MACアドレスの構成をもう少し細かく見ていきます。

上位3Byte(24bit)はOUI(Organizationally Unique Identifier)と呼ばれ、IEEEが管理しています。 内容は以下のように定められています。なお、Ethernet通信は1Byte毎に、後ろから1bitずつ送られますので、1bit目は10進数の1を表すbit、8bit目は10進数の128を表すbitになります。

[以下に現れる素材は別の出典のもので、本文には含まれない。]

(* Let $\psi:[0,1]\to[0,1]$ be a convex, strictly increasing, surjective, three times differentiable function with $\psi'>0$ on $(0,1]$ such that $x\psi'(x)/\psi(x)$ and $x\psi''(x)/\psi'(x)$ are strictly increasing on $(0,1]$. Let $n\ge2$ and for $r\ge0$ let $\phi_*(r)=\min\{\|(y,r)\|_\psi:\ y\in\mathbb R_+^{n-1},\ \|y\|_\psi=1\}$. Then $\phi_*(r)=\|(1,r)\|_\psi$ for all $r\ge0$, where $(1,r)\in\mathbb R^2$.
   Context: For $\psi:[0,1]\to[0,1]$ a continuous strictly increasing bijection and $v\in\mathbb R^k$ (any $k$), $\|v\|_\psi$ is $0$ if $v=0$ and otherwise the unique $s>0$ with $\sum_{i=1}^k\psi(|v_i|/s)=1$. $(y,r)\in\mathbb R^n$ denotes $y$ with $r$ appended. *)

From Stdlib Require Import Reals List ClassicalEpsilon.
Import ListNotations.
Open Scope R_scope.

Definition I01 (x : R) : Prop := 0 <= x <= 1.

Definition deriv_within (f : R -> R) (D : R -> Prop) (x l : R) : Prop :=
  forall eps, 0 < eps -> exists delta, 0 < delta /\
    forall h, h <> 0 -> Rabs h < delta -> D (x + h) ->
      Rabs ((f (x + h) - f x) / h - l) < eps.

(* psi_norm_rel psi v s : s is ||v||_psi, i.e. s = 0 if v = 0, otherwise
   s > 0 is such that sum_i psi(|v_i|/s) = 1 (with all |v_i|/s in the
   domain [0,1] of psi). *)
Definition psi_norm_rel (psi : R -> R) (v : list R) (s : R) : Prop :=
  ((forall x, In x v -> x = 0) /\ s = 0) \/
  ((exists x, In x v /\ x <> 0) /\ 0 < s /\
   (forall x, In x v -> Rabs x / s <= 1) /\
   fold_right Rplus 0 (map (fun x => psi (Rabs x / s)) v) = 1).

Definition psi_norm (psi : R -> R) (v : list R) : R :=
  epsilon (inhabits 0) (psi_norm_rel psi v).

From Stdlib Require Import Reals List Lra Lia Classical ClassicalEpsilon.
From Coquelicot Require Import Coquelicot.
Import ListNotations.
Open Scope R_scope.

(* The psi-norm of v is the root s of the decreasing function s |-> sum_i psi(|v_i|/s) - 1;
   it exists by the intermediate value theorem, and every s with sum_i psi(|v_i|/s) >= 1 is
   at most the norm.  Since x psi'(x)/psi(x) increases, s |-> psi(s x)/psi(s) is nonincreasing,
   hence psi(t) psi(x) <= psi(t x).  Let s = ||(1,r)||, so psi(1/s) + psi(r/s) = 1.  If
   ||y|| = 1 then sum_i psi(|y_i|/s) + psi(r/s) >= psi(1/s) sum_i psi(|y_i|) + psi(r/s) = 1,
   so ||(y,r)|| >= s, with equality at y = (1,0,...,0). *)

Definition lsum (f : R -> R) (v : list R) : R := fold_right Rplus 0 (map f v).

Lemma lsum_app f u v : lsum f (u ++ v) = lsum f u + lsum f v.
Proof.
  unfold lsum; rewrite map_app, fold_right_app.
  induction u as [|a u IH]; simpl; [ring | rewrite IH; ring].
Qed.

Lemma lsum_scal c f v : lsum (fun x => c * f x) v = c * lsum f v.
Proof. induction v as [|a v IH]; unfold lsum in *; simpl; [ring | rewrite IH; ring]. Qed.

Lemma lsum_eq0 f v : (forall x, In x v -> f x = 0) -> lsum f v = 0.
Proof.
  induction v as [|a v IH]; intros H; unfold lsum in *; simpl; [reflexivity|].
  rewrite H, IH; [ring | intros; apply H; right; assumption | left; reflexivity].
Qed.

Lemma lsum_le f g v : (forall x, In x v -> f x <= g x) -> lsum f v <= lsum g v.
Proof.
  induction v as [|a v IH]; intros H; unfold lsum in *; simpl; [lra|].
  assert (f a <= g a) by (apply H; left; reflexivity).
  assert (fold_right Rplus 0 (map f v) <= fold_right Rplus 0 (map g v))
    by (apply IH; intros; apply H; right; assumption).
  lra.
Qed.
(* Let $m\ge 2$ and consider the system $$\frac{du_i}{dt}=-a_iu_i+\sum_{j=1}^m w_{ij}f_j(u_j)+k\,\varphi_i(\rho)\,u_i+J_i-P\sum_{j=1}^m(u_i-u_j),\quad 1\le i\le m,\qquad \frac{d\rho}{dt}=\sum_{i=1}^m\gamma_iu_i-b\rho,$$ with $P>0$; $a_i,b,\beta,\eta_i,k>0$; $w_{ij},J_i,\gamma_i\in\mathbb{R}$; $f_i,\varphi_i$ locally Lipschitz with $a_i>k$, $|f_i(s)|\le\beta$, $\varphi_i(s)=1-\eta_is^2$ for all $s\in\mathbb{R}$, $1\le i\le m$. Define $a=\min_ia_i$, $W=\max_{i,j}|w_{ij}|$, $J=\max_i|J_i|$, $\gamma^2=\max_i\gamma_i^2$, $$C_1=\frac{1}{a-k}\Big(\frac{m\gamma^2}{b}+b\Big),\ C_2=\Big(\frac{m\gamma^2}{b}+b\Big)\frac{m(mW\beta+J)^2}{(a-k)^2},\ \mu_0=b\min\Big\{\frac1{C_1},1\Big\},\ Q=1+\frac{C_2}{\mu_0\min\{C_1,1\}},$$ and $a^*=\max_{i,j}|a_i-a_j|$, $W^*=\max_{i,j,\ell}|w_{i\ell}-w_{j\ell}|$, $\eta^*=\max_{i,j}|\eta_i-\eta_j|$, $J^*=\max_{i,j}|J_i-J_j|$. For $\varepsilon>0$ let $$P^*(\varepsilon)=\frac{1}{m\varepsilon}\big(mW^*\beta+a^*Q^{1/2}+k\eta^*Q^{3/2}+J^*\big).$$ Then for every $\varepsilon>0$, if $P>P^*(\varepsilon)$, $$\sup_{g^0\in\mathbb{R}^{m+1}}\ \max_{1\le i<j\le m}\ \limsup_{t\to\infty}|u_i(t)-u_j(t)|<\varepsilon,$$ with uniform exponential convergence rate $\mu=a-k+P$, in the sense that there is a constant $D<\varepsilon$ (independent of the initial state) such that for every initial state there is $T\ge0$ with $|u_i(t)-u_j(t)|^2\le e^{-\mu(t-T)}|u_i(T)-u_j(T)|^2+D^2$ for all $t>T$ and all $i\ne j$.
   Context: Here $(u_1,\dots,u_m,\rho)$ denotes the (global) solution with initial state $g^0=(u_1(0),\dots,u_m(0),\rho(0))\in\mathbb{R}^{m+1}$. This is the variant of the memristive Hopfield network in which the sigmoidal weak coupling $-Pu_i\sum_j\Gamma(u_j)$ is replaced by linear (strong) coupling $-P\sum_j(u_i-u_j)$. *)

From mathcomp Require Import all_boot all_order all_algebra.
From mathcomp Require Import all_classical all_reals all_analysis.
Set Implicit Arguments. Unset Strict Implicit. Unset Printing Implicit Defensive.
Import Order.TTheory GRing.Theory Num.Theory.
Import numFieldNormedType.Exports.
Local Open Scope classical_set_scope.
Local Open Scope ring_scope.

・1bit目: Individual/Group bit

0ならばユニキャスト(個別)、1ならばマルチキャスト(グループ)、もしくはブロードキャスト

2bit目: Universal/Local bit

0ならば世界唯一性を保証しなければならない、1ならば保証されなくてよい

3-24bit目: ベンダーコード

ベンダー企業を表す(CiscoやXerox等)。

OUIがどの企業に割り当てられているかは、 IEEE.orgのこのページで見ることができます。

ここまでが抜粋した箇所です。